Let each other evolve. Who you both were on the first day you met is worlds apart from who you each are now. Whether intentionally or unintentionally, your likes, dislikes, strengths and general preferences will change overtime. This is not something you should resist, it is an incentive to remain curious about each other as time moves forward. There is always more you can learn about each other. The ways you like to receive support will also morph overtime. Your individual evolution will spur on the evolution of your relationship. What the two of you find funny, how you like to enjoy rest, what you like to learn together, the places you like to visit, how you view the world – all of these will change over time.
You are more than partners, you are also best friends and roommates. Expanding your idea of the roles you play in each other’s lives can be beneficial. My wife is not only the love of my life, she is also my best friend. We enjoy telling each other everything and we face the world as a team. Sharing our living space by default makes us roommates, a big part of our relationship is mutually creating a space that feels like home to the both of us.

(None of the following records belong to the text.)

(* Let $D\subseteq\{0,1,\dots,n\}$ and let $f:\mathbb{F}_2^n\to\mathbb{F}_2^n$ be a $D$-neighbor balanced bijection. Then the labeling $x\mapsto \zeta(f(x))+1$ is a $D$-magic labeling of $Q_n$.
   Context: $Q_n$ is the hypercube with vertex set $\mathbb{F}_2^n$, two vertices adjacent iff they differ in exactly one coordinate; $G_i(\boldsymbol{u})$ is the set of vertices at (Hamming) distance $i$ from $\boldsymbol{u}$ and $N_D(\boldsymbol{u})=\bigcup_{i\in D}G_i(\boldsymbol{u})$. For $\boldsymbol{a}=(a_0,\dots,a_{n-1})\in\mathbb{F}_2^n$, $\zeta(\boldsymbol{a})=\sum_{i=0}^{n-1}a_i2^i$ with $a_i\in\{0,1\}$ regarded as integers. A subset $A\subseteq\mathbb{F}_2^n$ is balanced if for every coordinate $i$, the number of $\boldsymbol{a}\in A$ with $a_i=1$ equals $|A|/2$. A bijection $f:\mathbb{F}_2^n\to\mathbb{F}_2^n$ is $D$-neighbor balanced if $f(N_D(\boldsymbol{u}))$ is balanced for every $\boldsymbol{u}\in\mathbb{F}_2^n$. A $D$-magic labeling of $Q_n$ is a bijection $g:\mathbb{F}_2^n\to\{1,\dots,2^n\}$ such that $\sum_{y\in N_D(\boldsymbol{u})}g(y)$ is the same for all $\boldsymbol{u}$. *)

From mathcomp Require Import all_boot all_order.
Set Implicit Arguments. Unset Strict Implicit. Unset Printing Implicit Defensive.

(* Vertices of Q_n: vectors in F_2^n, represented as finite functions 'I_n -> bool. *)
Definition vert (n : nat) := {ffun 'I_n -> bool}.

Definition hdist n (u v : vert n) : nat := #|[set i | u i != v i]|.

Definition ND n (D : {set 'I_n.+1}) (u : vert n) : {set vert n} :=
  [set y : vert n | [exists i in D, hdist u y == (i : nat)]].

Definition zeta n (a : vert n) : nat := \sum_(i < n) (a i : nat) * 2 ^ i.

(* A is balanced: for each coordinate i, #{a in A | a_i = 1} = |A|/2
   (stated as 2 * #{...} = |A| to keep |A|/2 exact). *)
Definition balanced n (A : {set vert n}) : Prop :=
  forall i : 'I_n, 2 * #|[set a in A | a i]| = #|A|.

Definition neighbor_balanced n (D : {set 'I_n.+1}) (f : vert n -> vert n) : Prop :=
  bijective f /\ forall u : vert n, balanced (f @: ND D u).

(* Bijectivity onto {1..2^n} is expressed as injectivity
   together with the range lying in {1..2^n} (equivalent by cardinality). *)
Definition magic_labeling n (D : {set 'I_n.+1}) (g : vert n -> nat) : Prop :=
  [/\ injective g,
      (forall x, 1 <= g x <= 2 ^ n) &
      exists c, forall u : vert n, \sum_(y in ND D u) g y = c].

From mathcomp Require Import all_boot all_order.
From mathcomp Require Import zify.

Set Implicit Arguments. Unset Strict Implicit. Unset Printing Implicit Defensive.

(* Summing the labels over N_D(u) coordinatewise, balancedness of f(N_D(u))
   says that bit i contributes 2^i to exactly half of the labels, so twice the
   neighbourhood sum is (2^n + 1) |N_D(u)|.  Translations x |-> x + w are
   automorphisms of Q_n, so |N_D(u)| does not depend on u. *)

Section BalancedSum.

Variable n : nat.
Implicit Type a : vert n.

Lemma zeta_ltn a : zeta a < 2 ^ n.
Proof.
have : zeta a <= \sum_(i < n) 2 ^ i.
  by apply: leq_sum => i _; case: (a i); rewrite ?mul1n.
by rewrite -[X in _ <= X]mul1n -[1]/(2.-1) -predn_exp -ltnS prednK ?expn_gt0.
Qed.

Lemma double_sum_zeta_balanced (A : {set vert n}) :
  balanced A -> 2 * \sum_(a in A) zeta a = (2 ^ n).-1 * #|A|.
Proof.
move=> balA; rewrite predn_exp mul1n big_distrl /= /zeta exchange_big big_distrr /=.
apply: eq_bigr => i _; rewrite -(balA i) mulnCA; congr (_ * _).
rewrite -big_distrl mulnC -sum1_card big_mkcond [in RHS]big_mkcond /=; congr (_ * _).
by apply: eq_bigr => a _; rewrite inE; case: (a \in A); case: (a i).
Qed.

End BalancedSum.

Definition vtail n (a : vert n.+1) : vert n := [ffun i => a (lift ord0 i)].

Lemma zetaS n (a : vert n.+1) : zeta a = a ord0 + 2 * zeta (vtail a).
Proof.
rewrite /zeta big_ord_recl expn0 muln1 big_distrr; congr (_ + _).
by apply: eq_bigr => i _; rewrite ffunE expnS mulnCA.
Qed.

Lemma zeta_inj n : injective (@zeta n).
Proof.
elim: n => [|n IHn] a b; first by move=> _; apply/ffunP => -[].
rewrite !zetaS => eq_ab.
have eq0 : a ord0 = b ord0 by move: eq_ab; case: (a ord0); case: (b ord0) => //=; lia.
have /IHn eq_tail : zeta (vtail a) = zeta (vtail b) by move: eq_ab; rewrite eq0; lia.
apply/ffunP => i; case: (unliftP ord0 i) => [j ->|->] //.
by move/ffunP/(_ j): eq_tail; rewrite !ffunE.
Qed.

Section Translation.

Variable n : nat.
Implicit Types u v w y : vert n.

Definition vadd w y : vert n := [ffun i => w i (+) y i].

Lemma vaddK w : involutive (vadd w).
Proof. by move=> y; apply/ffunP => i; rewrite !ffunE addbA addbb. Qed.

Lemma hdist_vadd w u y : hdist (vadd w u) (vadd w y) = hdist u y.
Proof.
by apply: eq_card => i; rewrite !inE !ffunE; case: (w i); case: (u i); case: (y i).
Qed.

Lemma ND_vadd (D : {set 'I_n.+1}) w u : ND D (vadd w u) = vadd w @: ND D u.
Proof.
apply/setP => y; rewrite -[y](vaddK w) mem_imset; last exact: inv_inj (vaddK w).
by rewrite !inE; apply: eq_existsb => i; rewrite hdist_vadd.
Qed.

Lemma card_ND (D : {set 'I_n.+1}) u v : #|ND D u| = #|ND D v|.
Proof.
have -> : u = vadd (vadd u v) v by apply/ffunP => i; rewrite !ffunE -addbA addbb addbF.
by rewrite ND_vadd card_imset //; exact: inv_inj (vaddK _).
Qed.

End Translation.

Lemma double_sum_label_ND n (D : {set 'I_n.+1}) f u :
  neighbor_balanced D f ->
  2 * \sum_(y in ND D u) (zeta (f y) + 1) = (2 ^ n).+1 * #|ND D u|.
Proof.
move=> [/bij_inj f_inj balf].
rewrite big_split sum1_card /= -(big_imset (@zeta n) (in2W f_inj)) /= mulnDr.
rewrite double_sum_zeta_balanced // card_imset // -mulnDl.
by rewrite addn2 prednK ?expn_gt0.
Qed.

Theorem lemma3p5 (n : nat) (D : {set 'I_n.+1}) (f : vert n -> vert n) :
  neighbor_balanced D f ->
  magic_labeling D (fun x => zeta (f x) + 1).
Proof.
move=> balf; have f_inj := bij_inj balf.1.
split.
- by move=> x y /addIn /zeta_inj /f_inj.
- by move=> x; have := zeta_ltn (f x); lia.
exists (\sum_(y in ND D [ffun=> false]) (zeta (f y) + 1)) => u.
apply/eqP; rewrite -(eqn_pmul2l (isT : 0 < 2)) !double_sum_label_ND //.
by rewrite (card_ND D u [ffun=> false]).
Qed.
(* Assume the standing assumptions, suppose $(D)$ has an optimal solution $p^*$ (a minimizer of $\theta$) with $\|p^*\|\le R$ for some $R>0$, assume $D_f>0$, let $\epsilon>0$, $\rho=\frac{\epsilon}{3D_f}$, $\kappa=\frac{2\epsilon}{3R^2}$, and let $(p_k)_{k\ge0}$ be generated by the fast gradient method applied to $\theta_{\rho,\kappa}$. Then for all $k\ge0$, $$\|\nabla\theta_\rho(p_k)\|=\|Ax_{f,p_k}-x_{g,p_k}\|\le 2\sqrt{L(\rho,\kappa)\Bigl(\theta(0)-\theta(p^* )+\frac\epsilon3\Bigr)}\,e^{-\frac k2\sqrt{\kappa/L(\rho,\kappa)}}+\frac{4\sqrt2\,\epsilon}{3R}.$$
   Context: Standing assumptions: $\mathcal{H}$ is a real Hilbert space; $f:\mathcal{H}\to\mathbb{R}\cup\{+\infty\}$ is proper, convex, lower semicontinuous with bounded effective domain; $g:\mathbb{R}^m\to\mathbb{R}\cup\{+\infty\}$ is proper, lower semicontinuous and $\mu$-strongly convex for some $\mu>0$; $A:\mathcal{H}\to\mathbb{R}^m$ is linear and continuous with $A(\operatorname{dom} f)\cap\operatorname{dom} g\neq\emptyset$. $(D)$ is $\sup_{p}\{-f^*(A^*p)-g^*(-p)\}$. $D_f:=\sup\{\tfrac12\|x\|^2:x\in\operatorname{dom} f\}$. $\theta(p):=f^*(A^*p)+g^*(-p)$. For $\rho>0$, $f_\rho^*(q):=\sup_{x\in\mathcal{H}}\{\langle q,x\rangle-f(x)-\frac\rho2\|x\|^2\}$; $x_{f,p}$ is the unique maximizer in the definition of $f_\rho^*(A^*p)$; $x_{g,p}:=\nabla g^*(-p)$, the unique minimizer of $x\mapsto\langle p,x\rangle+g(x)$ on $\mathbb{R}^m$. $\theta_\rho(p):=f_\rho^*(A^*p)+g^*(-p)$, whose gradient is $Ax_{f,p}-x_{g,p}$; $\theta_{\rho,\kappa}(p):=\theta_\rho(p)+\frac\kappa2\|p\|^2$; $L(\rho,\kappa):=\frac{\|A\|^2}{\rho}+\frac1\mu+\kappa$. The fast gradient method applied to $\theta_{\rho,\kappa}$ is: $w_0=p_0=0$ and for $k\ge0$, $p_{k+1}=w_k-\frac{1}{L(\rho,\kappa)}\nabla\theta_{\rho,\kappa}(w_k)$, $w_{k+1}=p_{k+1}+\frac{\sqrt{L(\rho,\kappa)}-\sqrt\kappa}{\sqrt{L(\rho,\kappa)}+\sqrt\kappa}(p_{k+1}-p_k)$. *)

From Stdlib Require Import Reals Lra ClassicalEpsilon FunctionalExtensionality.
From Stdlib Require Fin.
Open Scope R_scope.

Your partner is not only the person you share many laughs with, they are also the primary person you plan with so that you can properly face any challenges that arise. Seeing each other as playing a multifaceted role is not about codependency, it is simply acknowledging the fact that any relationship between two people is dynamic.
The truth brings you close together. Lies always create distance. If you really want to feel like a team and elevate your connection, you have to be honest with each other. Honesty is sometimes difficult to give, but giving it in a compassionate manner helps. Receiving honesty is also difficult, but it is better than living in a house of lies. Once you open the door to honesty, there may still be much to resolve and talk over, but in time, if that door stays open, you both will feel a new level of confidence in your relationship. You will both know that you are committed to each other and that your communication is strengthening. There is a sense of freedom and lightness that you will each feel when you know that the truth is welcomed in your relationship.